FREETOWN: NEW PEOPLE CORRESPONDENT: Reports from Port Loko Teachers College speak of festering grievances about the failure of the ruling All Peoples Congress (APC government) to honor its commitment to supporting quality tertiary education, and continuing to provide rudimentary facilities for the students enrolled in that institution and in the town. Reflecting on the laudable steps that the former SLPP government undertook in restoring healthcare and potable water supplies in the town after the brutal destruction of facilities by AFRC-RUF rebels (some of whom are now bodyguard to President Ernest Bai Koroma), residents of the town and the students in particular are now expressing discontent.

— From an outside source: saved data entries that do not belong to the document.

(* Let $L=[l_{ij}]\in\mathbb R^{m\times m}$ be symmetric with all row sums equal to zero and with $0$ a simple eigenvalue. Let $r\in[0,\pi/2)$ and let $\tilde L^r$ be as defined in the context. Let $\chi_1$ and $\chi_2$ be the smallest eigenvalues of $L$ and of $\tilde L^r$, respectively, on the subspace $\{x\in\mathbb R^m: \mathbf 1^\top x=0\}$ (the orthogonal complement of $\mathbf 1=(1,\dots,1)^\top$). Then $\chi_1\ge\chi_2$.
   Context: For a real symmetric $m\times m$ matrix $M=[m_{ij}]$ with zero row sums and $r\in[0,\pi/2)$, the matrix $\tilde M^r=[\tilde m^r_{ij}]$ is defined by: for $i\ne j$, $\tilde m^r_{ij}=m_{ij}\cos r$ if $m_{ij}\le 0$ and $\tilde m^r_{ij}=m_{ij}$ if $m_{ij}>0$; and $\tilde m^r_{ii}=-\sum_{k\ne i}\tilde m^r_{ik}$. Both $L$ and $\tilde L^r$ are symmetric and leave $\{x:\mathbf 1^\top x=0\}$ invariant. *)

From Stdlib Require Import Reals Lra.
Open Scope R_scope.

(* Vectors in R^m are functions nat -> R (only indices < m matter);
   m x m matrices are functions nat -> nat -> R. *)

Fixpoint rsum (n : nat) (f : nat -> R) : R :=
  match n with
  | O => 0
  | S k => rsum k f + f k
  end.

Definition symmetric (m : nat) (M : nat -> nat -> R) : Prop :=
  forall i j, (i < m)%nat -> (j < m)%nat -> M i j = M j i.

Definition zero_row_sums (m : nat) (M : nat -> nat -> R) : Prop :=
  forall i, (i < m)%nat -> rsum m (fun j => M i j) = 0.

Definition mulv (m : nat) (M : nat -> nat -> R) (x : nat -> R) : nat -> R :=
  fun i => rsum m (fun j => M i j * x j).

Definition nonzero_vec (m : nat) (x : nat -> R) : Prop :=
  exists i, (i < m)%nat /\ x i <> 0.

Definition eig_eq (m : nat) (M : nat -> nat -> R) (lam : R) (x : nat -> R) : Prop :=
  forall i, (i < m)%nat -> mulv m M x i = lam * x i.

Definition is_eigenpair (m : nat) (M : nat -> nat -> R) (lam : R) (x : nat -> R) : Prop :=
  nonzero_vec m x /\ eig_eq m M lam x.

(* lam is a simple eigenvalue of the (symmetric) matrix M: its eigenspace is
   one-dimensional (for symmetric matrices geometric = algebraic multiplicity). *)
Definition simple_eigenvalue (m : nat) (M : nat -> nat -> R) (lam : R) : Prop :=
  exists v, is_eigenpair m M lam v /\
    forall x, eig_eq m M lam x -> exists c, forall i, (i < m)%nat -> x i = c * v i.

Definition in_perp1 (m : nat) (x : nat -> R) : Prop := rsum m x = 0.

Definition eigenvalue_on_perp1 (m : nat) (M : nat -> nat -> R) (lam : R) : Prop :=
  exists x, in_perp1 m x /\ is_eigenpair m M lam x.

Definition smallest_eigenvalue_on_perp1 (m : nat) (M : nat -> nat -> R) (chi : R) : Prop :=
  eigenvalue_on_perp1 m M chi /\
  forall mu, eigenvalue_on_perp1 m M mu -> chi <= mu.

Definition tilde_off (M : nat -> nat -> R) (r : R) (i j : nat) : R :=
  if Rle_dec (M i j) 0 then M i j * cos r else M i j.

Definition tilde (m : nat) (M : nat -> nat -> R) (r : R) : nat -> nat -> R :=
  fun i j =>
    if Nat.eqb i j
    then - rsum m (fun k => if Nat.eqb k i then 0 else tilde_off M r i k)
    else tilde_off M r i j.

(* Let x be an eigenvector of L for chi1 in 1^perp.  The matrix L - tilde L^r has
   nonpositive off-diagonal entries (since cos r <= 1) and zero row sums, so it is a
   Laplacian and x'(L - tilde L^r)x >= 0.  Hence the Rayleigh quotient of tilde L^r
   at x is at most chi1.  The minimum of that Rayleigh quotient over the unit sphere
   of 1^perp is attained (compactness) and is an eigenvalue of tilde L^r on 1^perp,
   so chi2 <= min <= chi1. *)

From Pilot Require Import Defs.
From Stdlib Require Import Reals Lra Lia.
Open Scope R_scope.

Lemma rsum_ext n f g : (forall i, (i < n)%nat -> f i = g i) -> rsum n f = rsum n g.
Proof.
induction n as [|n IH]; intros H; simpl; [reflexivity|].
rewrite IH by (intros; apply H; lia). rewrite H by lia. reflexivity.
Qed.

Lemma rsum_add n f g : rsum n (fun i => f i + g i) = rsum n f + rsum n g.
Proof. induction n; simpl; [lra | rewrite IHn; lra]. Qed.

Lemma rsum_sub n f g : rsum n (fun i => f i - g i) = rsum n f - rsum n g.
Proof. induction n; simpl; [lra | rewrite IHn; lra]. Qed.

Lemma rsum_scal n c f : rsum n (fun i => c * f i) = c * rsum n f.
Proof. induction n; simpl; [lra | rewrite IHn; lra]. Qed.

Lemma rsum_zero n f : (forall i, (i < n)%nat -> f i = 0) -> rsum n f = 0.
Proof.
induction n as [|n IH]; intros H; simpl; [reflexivity|].
rewrite IH by (intros; apply H; lia). rewrite H by lia. lra.
Qed.

Lemma rsum_swap n k (f : nat -> nat -> R) :
  rsum n (fun i => rsum k (fun j => f i j)) = rsum k (fun j => rsum n (fun i => f i j)).
Proof.
induction n as [|n IH]; simpl.
- symmetry. apply rsum_zero. reflexivity.
- rewrite IH, <- rsum_add. reflexivity.
Qed.

Lemma rsum_le n f g : (forall i, (i < n)%nat -> f i <= g i) -> rsum n f <= rsum n g.
Proof.
induction n as [|n IH]; intros H; simpl; [lra|].
assert (rsum n f <= rsum n g) by (apply IH; intros; apply H; lia).
assert (f n <= g n) by (apply H; lia).
lra.
Qed.

Lemma rsum_nonneg n f : (forall i, (i < n)%nat -> 0 <= f i) -> 0 <= rsum n f.
Proof. intros H. rewrite <- (rsum_zero n (fun _ => 0)) by auto. apply rsum_le; auto. Qed.

Lemma rsum_nonpos n f : (forall i, (i < n)%nat -> f i <= 0) -> rsum n f <= 0.
Proof. intros H. rewrite <- (rsum_zero n (fun _ => 0)) by auto. apply rsum_le; auto. Qed.

Lemma rsum_split n f i : (i < n)%nat ->
  rsum n f = f i + rsum n (fun k => if Nat.eqb k i then 0 else f k).
Proof.
induction n as [|n IH]; intros Hi; simpl; [lia|].
destruct (Nat.eq_dec i n) as [->|Hne].
- rewrite Nat.eqb_refl, (rsum_ext n (fun k => if Nat.eqb k n then 0 else f k) f); [lra|].
  intros j Hj. destruct (Nat.eqb_spec j n); [lia | reflexivity].
- rewrite (IH ltac:(lia)). destruct (Nat.eqb_spec n i); [lia | lra].
Qed.

Lemma rsum_ge_term n f i : (forall k, (k < n)%nat -> 0 <= f k) -> (i < n)%nat ->
  f i <= rsum n f.
Proof.
intros H Hi. rewrite (rsum_split n f i Hi).
assert (0 <= rsum n (fun k => if Nat.eqb k i then 0 else f k)); [|lra].
apply rsum_nonneg. intros k Hk. destruct (Nat.eqb k i); [lra | auto].
Qed.

Definition qf (m : nat) (M : nat -> nat -> R) (x : nat -> R) : R :=
  rsum m (fun i => x i * mulv m M x i).

Definition sqnorm (m : nat) (x : nat -> R) : R := rsum m (fun i => x i * x i).

Lemma mulv_ext m M x y : (forall i, (i < m)%nat -> x i = y i) ->
  forall i, mulv m M x i = mulv m M y i.
Proof. intros E i. apply rsum_ext. intros j Hj. rewrite E by exact Hj. reflexivity. Qed.

Lemma qf_ext m M x y : (forall i, (i < m)%nat -> x i = y i) -> qf m M x = qf m M y.
Proof.
intros E. apply rsum_ext. intros i Hi. rewrite E, (mulv_ext m M x y E) by exact Hi.
reflexivity.
Qed.

Lemma sqnorm_ext m x y : (forall i, (i < m)%nat -> x i = y i) -> sqnorm m x = sqnorm m y.
Proof. intros E. apply rsum_ext. intros i Hi. rewrite E by exact Hi. reflexivity. Qed.

Lemma sqnorm_nonneg m x : 0 <= sqnorm m x.
Proof. apply rsum_nonneg. intros. nra. Qed.

Lemma sqr_le_sqnorm m x i : (i < m)%nat -> x i * x i <= sqnorm m x.
Proof. intros Hi. apply (rsum_ge_term m (fun k => x k * x k)); [intros; nra | exact Hi]. Qed.

Lemma sqnorm_pos m x : nonzero_vec m x -> 0 < sqnorm m x.
Proof. intros [i [Hi Hx]]. assert (H := sqr_le_sqnorm m x i Hi). nra. Qed.

Lemma sqnorm_eq0 m x : sqnorm m x = 0 -> forall i, (i < m)%nat -> x i = 0.
Proof. intros H i Hi. assert (Hle := sqr_le_sqnorm m x i Hi). nra. Qed.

The situation has reached such a significant point that the APC government dispatched its deputy minister of education, Mr. Algassimu Jarr, to both witness the college's inter-hall sports and also try and placate the irate students. Some students were openly dismissive of his presence saying that they had heard way too many people talk about the problem and do nothing. Anotehr student said that doing the usual cosmetic noises that announcing that the college is a polytechnic, yet doing nothing about the harsh conditions on campus is like painting a toilet with white wash when the toilet stinks as much. Another student said that they supported the APC en masse because they believed that the APC would deliver real change, but the problems they are now encountering are problems they did not encounter under the SLPP. She said that the APC's problem is that they talk too much about everything, but do vey little.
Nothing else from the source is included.